Tuesday, September 27, 2016

Keep Moving

Damn. That perfectionism almost had me again at the title, its stuttering, start/stop, but mostly stop response to my aching desire to write these words. 

It is not without hesitation, or fear, or doubt that I write this. I have not transcribed a written word of my own, truly my own in four months, four achingly long, brutal, beautiful, harsh, confusing months.

The only words written from pen to paper have been notes scribbled in my notebook from the grueling hours of yoga therapy training the past 8 months...wow that took some thought tracking how long of a process this current undertaking has been. 

It's that annoying pause in my brain, that itch to scratch, to recalculate or reassess something, an innovative yet painstakingly ritualistic method to distract my mind from the here and now.

It's irritatingly familiar the anxiety and obsessive tendencies that set in almost instantaneously, begging me to retreat into their distractive allure. I'm not sure if I'm making myself clear. In fact, I probably am downright confusing. 

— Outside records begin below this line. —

(* Under the assumptions of the preceding lemma (two homomorphous MDPs with deterministic dynamics $T,T'$, $T'\in(T,\varepsilon_m)$, reward $\lambda_1$-Lipschitz in the action, $T$ and $T'$ $\lambda_2$-inverse Lipschitz in the action), suppose the action gap $\Delta$ satisfies $$\Delta>\frac{(2-\gamma)\lambda_1\lambda_2\varepsilon_m}{1-\gamma}.$$ Then $d^*_T(s)=d^*_{T'}(s)$ for all $s\in\mathcal S$.
   Context: Setting: An MDP has state space $\mathcal S$ (normed), action space $\mathcal A$ with the $\ell_1$ norm, deterministic dynamics $T:\mathcal S\times\mathcal A\to\mathcal S$, bounded reward $r(s,a,s')$, initial distribution $\rho_0$, discount $\gamma\in(0,1)$. $V^*_T(s)=\max_a[r(s,a,T(s,a))+\gamma V^*_T(T(s,a))]$, $Q^*_T(s,a)=r(s,a,T(s,a))+\gamma V^*_T(T(s,a))$, and $\pi^*_T(s)$ is the optimal (deterministic) action. Homomorphous MDPs share $\mathcal S,\mathcal A,r,\rho_0,\gamma$ and satisfy $\{T(s,a):a\in\mathcal A\}=\{T'(s,a):a\in\mathcal A\}$ for every $s$. $T'\in(T,\varepsilon_m)$ means $\|T(s,a)-T'(s,a)\|\le\varepsilon_m$ for all $(s,a)$. Lipschitz: $|r(s,a_1,s')-r(s,a_2,s')|\le\lambda_1\|a_1-a_2\|_1$; inverse Lipschitz: $\|a_1-a_2\|_1\le\lambda_2\|T(s,a_1)-T(s,a_2)\|$ (and likewise for $T'$). The action gap is $\Delta=\min_{\tilde T\in\{T,T'\}}\min_{s\in\mathcal S}\min_{a\neq\pi^*_{\tilde T}(s)}\left(V^*_{\tilde T}(s)-Q^*_{\tilde T}(s,a)\right)$. For a policy $\pi$, $d^\pi_T(s)=(1-\gamma)\sum_{t\ge0}\gamma^t p_T(s_t=s\mid\pi)$ is the discounted stationary state distribution under dynamics $T$ starting from $s_0\sim\rho_0$, and $d^*_T:=d^{\pi^*_T}_T$. *)

From HB Require Import structures.
From mathcomp Require Import all_boot all_order all_algebra.
From mathcomp Require Import all_classical all_reals all_analysis.
Set Implicit Arguments. Unset Strict Implicit. Unset Printing Implicit Defensive.
Import Order.TTheory GRing.Theory Num.Theory.
Import numFieldNormedType.Exports.
Local Open Scope classical_set_scope.
Local Open Scope ring_scope.

Section MDP.
Variables (R : realType) (k : nat) (S : normedModType R).

Definition l1norm (a : 'rV[R]_k) : R := \sum_(i < k) `|a ord0 i|.

Definition borelS := g_sigma_algebraType (@open S).

Definition Qval (gamma : R) (r : S -> 'rV[R]_k -> S -> R)
  (T : S -> 'rV[R]_k -> S) (V : S -> R) (s : S) (a : 'rV[R]_k) : R :=
  r s a (T s a) + gamma * V (T s a).

(* V is V*_T : the bounded solution of the Bellman optimality equation
   V(s) = max_{a in A} [ r(s,a,T(s,a)) + gamma V(T(s,a)) ] (max attained) *)
Definition is_opt_value (A : set 'rV[R]_k) gamma r T (V : S -> R) : Prop :=
  (exists M : R, forall s, `|V s| <= M) /\
  forall s, (exists2 a, A a & V s = Qval gamma r T V s a) /\
            (forall a, A a -> Qval gamma r T V s a <= V s).

Definition is_opt_policy (A : set 'rV[R]_k) gamma r T V (pi : S -> 'rV[R]_k)
  : Prop := forall s, A (pi s) /\ Qval gamma r T V s (pi s) = V s.

Definition gap_set (A : set 'rV[R]_k) gamma r T V (pi : S -> 'rV[R]_k)
  : set (\bar R) :=
  [set x | exists s a, [/\ A a, a <> pi s & x = (V s - Qval gamma r T V s a)%:E]].

(* action gap Delta over both MDPs (T,V,pi) and (T',V',pi'), as an
   extended-real infimum (the "min" of the paper; +oo if the set is empty) *)
Definition action_gap (A : set 'rV[R]_k) gamma r T V pi T' V' pi' : \bar R :=
  ereal_inf (gap_set A gamma r T V pi `|` gap_set A gamma r T' V' pi').

Definition step (T : S -> 'rV[R]_k -> S) (pi : S -> 'rV[R]_k) (s : S) : S :=
  T s (pi s).

Definition dstat (rho0 : probability (borelS) R) gamma T pi (s : S) : \bar R :=
  (\sum_(t <oo) (((1 - gamma) * gamma ^+ t)%:E *
     rho0 [set s0 : borelS | iter t (step T pi) s0 = s]))%E.

End MDP.

From HB Require Import structures.
From mathcomp Require Import all_boot all_order all_algebra.
From mathcomp Require Import all_classical all_reals all_analysis.
From mathcomp Require Import ring lra.
Set Implicit Arguments. Unset Strict Implicit. Unset Printing Implicit Defensive.
Import Order.TTheory GRing.Theory Num.Theory.
Import numFieldNormedType.Exports.
Local Open Scope classical_set_scope.
Local Open Scope ring_scope.

(* The discounted stationary distribution d^pi_T only depends
   on the closed-loop transition map s |-> T(s, pi(s)), so it suffices to show
   that the optimal policies of T and T' move every state to the same successor.
   Write c = lambda1 lambda2 eps_m and K = c / (1 - gamma).
   1. Matching: since both MDPs reach the same successor sets, the optimal
      action pi(s) of T is matched by an action b of T' reaching the same
      successor; the Lipschitz assumptions bound the reward loss of b by c, so
      the regret of b in T' is at most V'(s) - V(s) + c + gamma sup|V - V'|.
   2. Value closeness: regrets are nonnegative, hence sup|V - V'| satisfies
      D <= c + gamma D, i.e. |V - V'| <= K everywhere.
   3. Successors agree: if the two optimal successors differed, the matched
      actions of both MDPs would be suboptimal, each with regret > K + c by the
      gap condition; adding the two bounds of step 1 gives 2K < 2 gamma K, absurd.
   The degenerate case of at most one action is handled directly, and
   otherwise two distinct actions force lambda1, lambda2 >= 0. *)

Lemma l1norm_gt0 (R : realType) (k : nat) (v : 'rV[R]_k) :
  v != 0 -> 0 < l1norm v.
Proof.
move=> v_neq0; rewrite lt_def sumr_ge0 ?andbT => [|i _]; last exact: normr_ge0.
apply: contra v_neq0 => /eqP sum0; apply/eqP/matrixP => i j.
rewrite (ord1 i) mxE; apply/eqP; rewrite -normr_eq0; apply/eqP.
exact: (psumr_eq0P (fun i _ => normr_ge0 _) sum0).
Qed.

Lemma bounded_contraction (R : realType) (X : Type) (f : X -> R) (c g : R) :
  g < 1 -> (exists M, forall x, f x <= M) ->
  (forall D, (forall x, f x <= D) -> forall x, f x <= c + g * D) ->
  forall x, f x <= c / (1 - g).
Proof.
move=> g_lt1 [M fM] contract x.
have ub : has_ubound (range f) by exists M => _ [y _ <-].
have f_le_sup y : f y <= sup (range f) by apply: ub_le_sup => //; exists y.
have sup_fix : sup (range f) <= c + g * sup (range f).
  apply: ge_sup; first by exists (f x), x.
  by move=> _ [y _ <-]; exact: contract.
apply: le_trans (f_le_sup x) _.
by rewrite ler_pdivlMr ?subr_gt0 //; lra.
Qed.

Lemma action_gap_regret (R : realType) (k : nat) (S : normedModType R)
    (A : set 'rV[R]_k) gamma r (T T' : S -> 'rV[R]_k -> S) V V' pi pi' (x : R) :
  (x%:E < action_gap A gamma r T V pi T' V' pi')%E ->
  (forall s a, A a -> a <> pi s -> x < V s - Qval gamma r T V s a) /\
  (forall s a, A a -> a <> pi' s -> x < V' s - Qval gamma r T' V' s a).
Proof.
move=> gap; split=> s a Aa a_subopt; rewrite -lte_fin;
  apply: lt_le_trans gap _; apply: ereal_inf_lbound.
- by left; exists s, a.
- by right; exists s, a.
Qed.

Lemma dstat_step (R : realType) (k : nat) (S : normedModType R)
    (rho0 : probability (borelS S) R) gamma (T T' : S -> 'rV[R]_k -> S) pi pi' :
  step T pi = step T' pi' -> dstat rho0 gamma T pi =1 dstat rho0 gamma T' pi'.
Proof. by move=> same_step s; rewrite /dstat same_step. Qed.

Lemma step_single_action (R : realType) (k : nat) (S : normedModType R)
    (A : set 'rV[R]_k) (T T' : S -> 'rV[R]_k -> S) (pi pi' : S -> 'rV[R]_k) :
  (forall a b, A a -> A b -> a = b) -> (forall s, T s @` A = T' s @` A) ->
  (forall s, A (pi s)) -> (forall s, A (pi' s)) -> step T pi = step T' pi'.
Proof.
move=> single hom Api Api'; apply: funext => s.
have : (T s @` A) (T' s (pi' s)) by rewrite hom; exists (pi' s).
rewrite /step; case=> b Ab <-; by rewrite (single _ _ Ab (Api s)).
Qed.

Lemma lipschitz_consts_ge0 (R : realType) (k : nat) (S : normedModType R)
    (r : S -> 'rV[R]_k -> S -> R) (T : S -> 'rV[R]_k -> S)
    (lambda1 lambda2 : R) (s : S) (a b : 'rV[R]_k) :
  a <> b ->
  `|r s a s - r s b s| <= lambda1 * l1norm (a - b) ->
  l1norm (a - b) <= lambda2 * `|T s a - T s b| ->
  0 <= lambda1 /\ 0 <= lambda2.
Proof.
move=> a_neq_b r_lip T_inv.
have l1_gt0 : 0 < l1norm (a - b) by apply: l1norm_gt0; rewrite subr_eq0; exact/eqP.
split; first by rewrite -(pmulr_lge0 _ l1_gt0); exact: le_trans r_lip.
rewrite leNgt; apply/negP => lambda2_lt0.
have := mulr_le0_ge0 (ltW lambda2_lt0) (normr_ge0 (T s a - T s b)); lra.
Qed.

Section MatchedAction.
Variables (R : realType) (k : nat) (S : normedModType R).
Variables (A : set 'rV[R]_k) (r : S -> 'rV[R]_k -> S -> R).
Variables (gamma lambda1 lambda2 eps : R) (T1 T2 : S -> 'rV[R]_k -> S).
Variables (V1 V2 : S -> R) (pi1 : S -> 'rV[R]_k).
Hypotheses (gamma_ge0 : 0 <= gamma) (lambda1_ge0 : 0 <= lambda1)
  (lambda2_ge0 : 0 <= lambda2).
Hypothesis r_lip : forall s a1 a2 s', A a1 -> A a2 ->
  `|r s a1 s' - r s a2 s'| <= lambda1 * l1norm (a1 - a2).
Hypothesis T1_inv : forall s a1 a2, A a1 -> A a2 ->
  l1norm (a1 - a2) <= lambda2 * `|T1 s a1 - T1 s a2|.
Hypothesis T2_close : forall s a, A a -> `|T2 s a - T1 s a| <= eps.
Hypothesis reach : forall s, T1 s @` A `<=` T2 s @` A.
Hypothesis pi1_opt : is_opt_policy A gamma r T1 V1 pi1.

Lemma reward_shift s a b : A a -> A b -> T2 s b = T1 s a ->
  r s a (T1 s a) - r s b (T1 s a) <= lambda1 * lambda2 * eps.
Proof.
move=> Aa Ab same_succ.
apply: le_trans (ler_norm _) _; apply: le_trans (@r_lip _ _ _ _ Aa Ab) _.
rewrite -mulrA; apply: ler_wpM2l => //; apply: le_trans (@T1_inv s _ _ Aa Ab) _.
by apply: ler_wpM2l => //; rewrite -same_succ; exact: T2_close.
Qed.

Lemma matched_action_regret (D : R) : (forall z, V1 z - V2 z <= D) ->
  forall s, exists b, [/\ A b, T2 s b = T1 s (pi1 s) &
    V2 s - Qval gamma r T2 V2 s b <=
      V2 s - V1 s + lambda1 * lambda2 * eps + gamma * D].
Proof.
move=> D_ub s; have [A_pi1 V1_eq] := pi1_opt s.
have [b Ab same_succ] := @reach s _ (imageP (T1 s) A_pi1).
exists b; split=> //.
have := reward_shift A_pi1 Ab same_succ.
have := ler_wpM2l gamma_ge0 (D_ub (T1 s (pi1 s))).
by rewrite -V1_eq /Qval same_succ; lra.
Qed.

End MatchedAction.

Section TwoMDPs.
Variables (R : realType) (k : nat) (S : normedModType R).
Variables (A : set 'rV[R]_k) (r : S -> 'rV[R]_k -> S -> R).
Variables (gamma lambda1 lambda2 eps : R) (T T' : S -> 'rV[R]_k -> S).
Variables (V V' : S -> R) (pi pi' : S -> 'rV[R]_k).
Hypotheses (gamma_ge0 : 0 <= gamma) (gamma_lt1 : gamma < 1)
  (lambda1_ge0 : 0 <= lambda1) (lambda2_ge0 : 0 <= lambda2).
Hypothesis r_lip : forall s a1 a2 s', A a1 -> A a2 ->
  `|r s a1 s' - r s a2 s'| <= lambda1 * l1norm (a1 - a2).
Hypothesis hom : forall s, T s @` A = T' s @` A.
Hypothesis close : forall s a, A a -> `|T s a - T' s a| <= eps.
Hypothesis T_inv : forall s a1 a2, A a1 -> A a2 ->
  l1norm (a1 - a2) <= lambda2 * `|T s a1 - T s a2|.
Hypothesis T'_inv : forall s a1 a2, A a1 -> A a2 ->
  l1norm (a1 - a2) <= lambda2 * `|T' s a1 - T' s a2|.
Hypotheses (V_opt : is_opt_value A gamma r T V) (pi_opt : is_opt_policy A gamma r T V pi).
Hypotheses (V'_opt : is_opt_value A gamma r T' V') (pi'_opt : is_opt_policy A gamma r T' V' pi').

Let c := lambda1 * lambda2 * eps.
Let K := c / (1 - gamma).

Let close' s a : A a -> `|T' s a - T s a| <= eps.
Proof. by move=> Aa; rewrite distrC; exact: close. Qed.
Let reach s : T s @` A `<=` T' s @` A.
Proof. by rewrite hom. Qed.
Let reach' s : T' s @` A `<=` T s @` A.
Proof. by rewrite hom. Qed.

Let regret_ge0 (T1 : S -> 'rV[R]_k -> S) V1 s a :
  is_opt_value A gamma r T1 V1 -> A a -> 0 <= V1 s - Qval gamma r T1 V1 s a.
Proof. by move=> [_ opt] Aa; rewrite subr_ge0; exact: (opt s).2. Qed.

Lemma opt_values_close z : `|V z - V' z| <= K.
Proof.
apply: (bounded_contraction gamma_lt1 (f := fun z => `|V z - V' z|)).
  have [[M VM] _] := V_opt; have [[M' V'M] _] := V'_opt.
  by exists (M + M') => y; apply: le_trans (ler_normB _ _) _; exact: lerD.
move=> D D_ub s; rewrite ler_norml.
have le_D y : V y - V' y <= D by apply: le_trans (ler_norm _) (D_ub y).
have le_D' y : V' y - V y <= D.
  by apply: le_trans (ler_norm _) _; rewrite distrC; exact: D_ub.
have [b [Ab _ regret]] :=
  matched_action_regret gamma_ge0 lambda1_ge0 lambda2_ge0 r_lip T_inv close' reach pi_opt le_D s.
have [b' [Ab' _ regret']] :=
  matched_action_regret gamma_ge0 lambda1_ge0 lambda2_ge0 r_lip T'_inv close reach' pi'_opt le_D' s.
have := regret_ge0 s V'_opt Ab; have := regret_ge0 s V_opt Ab'.
by rewrite /c; lra.
Qed.

Lemma optimal_successors_agree :
  ((K + c)%:E < action_gap A gamma r T V pi T' V' pi')%E ->
  step T pi = step T' pi'.
Proof.
move=> gap; have [gapT gapT'] := action_gap_regret gap.
have le_K z : V z - V' z <= K by apply: le_trans (ler_norm _) (opt_values_close z).
have le_K' z : V' z - V z <= K.
  by apply: le_trans (ler_norm _) _; rewrite distrC; exact: opt_values_close.
have K_ge0 : 0 <= K := le_trans (normr_ge0 _) (opt_values_close 0).
apply: funext => s; rewrite /step.
apply: contrapT => succ_neq.
have [b [Ab b_succ regret_b]] :=
  matched_action_regret gamma_ge0 lambda1_ge0 lambda2_ge0 r_lip T_inv close' reach pi_opt le_K s.
have [a [Aa a_succ regret_a]] :=
  matched_action_regret gamma_ge0 lambda1_ge0 lambda2_ge0 r_lip T'_inv close reach' pi'_opt le_K' s.
have b_subopt : b <> pi' s by move=> b_eq; apply: succ_neq; rewrite -b_succ b_eq.
have a_subopt : a <> pi s by move=> a_eq; apply: succ_neq; rewrite -a_succ a_eq.
have := gapT s a Aa a_subopt; have := gapT' s b Ab b_subopt.
have := ler_wpM2r K_ge0 (ltW gamma_lt1).
by rewrite mul1r /c; lra.
Qed.

End TwoMDPs.

Theorem mainTheorem2 (R : realType) (k : nat) (S : normedModType R)
  (A : set 'rV[R]_k) (r : S -> 'rV[R]_k -> S -> R)
  (rho0 : probability (borelS S) R) (gamma : R)
  (T T' : S -> 'rV[R]_k -> S) (eps_m lambda1 lambda2 : R)
  (V V' : S -> R) (pi pi' : S -> 'rV[R]_k) :
  0 < gamma < 1 ->
  (exists M : R, forall s a s', `|r s a s'| <= M) ->
  (* homomorphous *)
  (forall s, T s @` A = T' s @` A) ->
  (* T' in (T, eps_m) *)
  (forall s a, A a -> `|T s a - T' s a| <= eps_m) ->
  (* reward lambda1-Lipschitz in the action *)
  (forall s a1 a2 s', A a1 -> A a2 ->
     `|r s a1 s' - r s a2 s'| <= lambda1 * l1norm (a1 - a2)) ->
  (* T and T' lambda2-inverse Lipschitz in the action *)
  (forall s a1 a2, A a1 -> A a2 ->
     l1norm (a1 - a2) <= lambda2 * `|T s a1 - T s a2|) ->
  (forall s a1 a2, A a1 -> A a2 ->
     l1norm (a1 - a2) <= lambda2 * `|T' s a1 - T' s a2|) ->
  (* optimal values and optimal policies *)
  is_opt_value A gamma r T V -> is_opt_policy A gamma r T V pi ->
  is_opt_value A gamma r T' V' -> is_opt_policy A gamma r T' V' pi' ->
  (* action gap condition *)
  (((2 - gamma) * lambda1 * lambda2 * eps_m / (1 - gamma))%:E
     < action_gap A gamma r T V pi T' V' pi')%E ->
  forall s : S, dstat rho0 gamma T pi s = dstat rho0 gamma T' pi' s.
Proof.
move=> /andP[gamma_gt0 gamma_lt1] _ hom close r_lip T_inv T'_inv
  V_opt pi_opt V'_opt pi'_opt gap.
apply: dstat_step.
have [[a [b [Aa Ab a_neq_b]]] | no_two] :=
  pselect (exists a b, [/\ A a, A b & a <> b]); last first.
  apply: step_single_action hom (fun s => (pi_opt s).1) (fun s => (pi'_opt s).1).
  by move=> a b Aa Ab; apply: contrapT => a_neq_b; apply: no_two; exists a, b.
have [lambda1_ge0 lambda2_ge0] :=
  lipschitz_consts_ge0 (s := 0) a_neq_b (r_lip 0 a b 0 Aa Ab) (T_inv 0 a b Aa Ab).
have threshold : (2 - gamma) * lambda1 * lambda2 * eps_m / (1 - gamma) =
  lambda1 * lambda2 * eps_m / (1 - gamma) + lambda1 * lambda2 * eps_m.
  by field; lra.
rewrite threshold in gap.
exact: (optimal_successors_agree (ltW gamma_gt0) gamma_lt1 lambda1_ge0 lambda2_ge0
  r_lip hom close T_inv T'_inv V_opt pi_opt V'_opt pi'_opt gap).
Qed.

But, this is my mind, right now, post-research paper writing for my yoga therapy program. I was writing a paper about yoga therapy and its effectiveness in addiction treatment, a topic near and dear to my heart, as I have personally struggled with food addictions, disordered eating, exercise addiction and other compulsive addictions. 

Yet again, the left part of my brain, thoroughly enjoyed stealing the show. Meanwhile, my creative, right brain, sat back yawning and twiddling her bedazzled thumbs. 

She wondered when she would finally be set free, free to wander, to roam, to galvanize my attention into something more captivating than the daily routine (side note: she is singing right now and laughing a joyous laugh at my feeble attempts in captivating her raw, expressive nature).

These parts of me are still not quite sure of the other: left and right, masculine and feminine, mind and body; sometimes, in a mere stroke of brilliance, clear thinking or inspiration, their paths cross. And, weirdly enough, they sometimes merge into coherent ideas, nothing like this blog post mind you. 

My left brain thrives on order, completion, perfection, symmetry, linear thinking, but also guilt. If it had its way, this blog post would have proceeded fairly directly to the point. 

But, what is the point? How can I summarize the past few months when the mere experiences can not be captured even in words of my own?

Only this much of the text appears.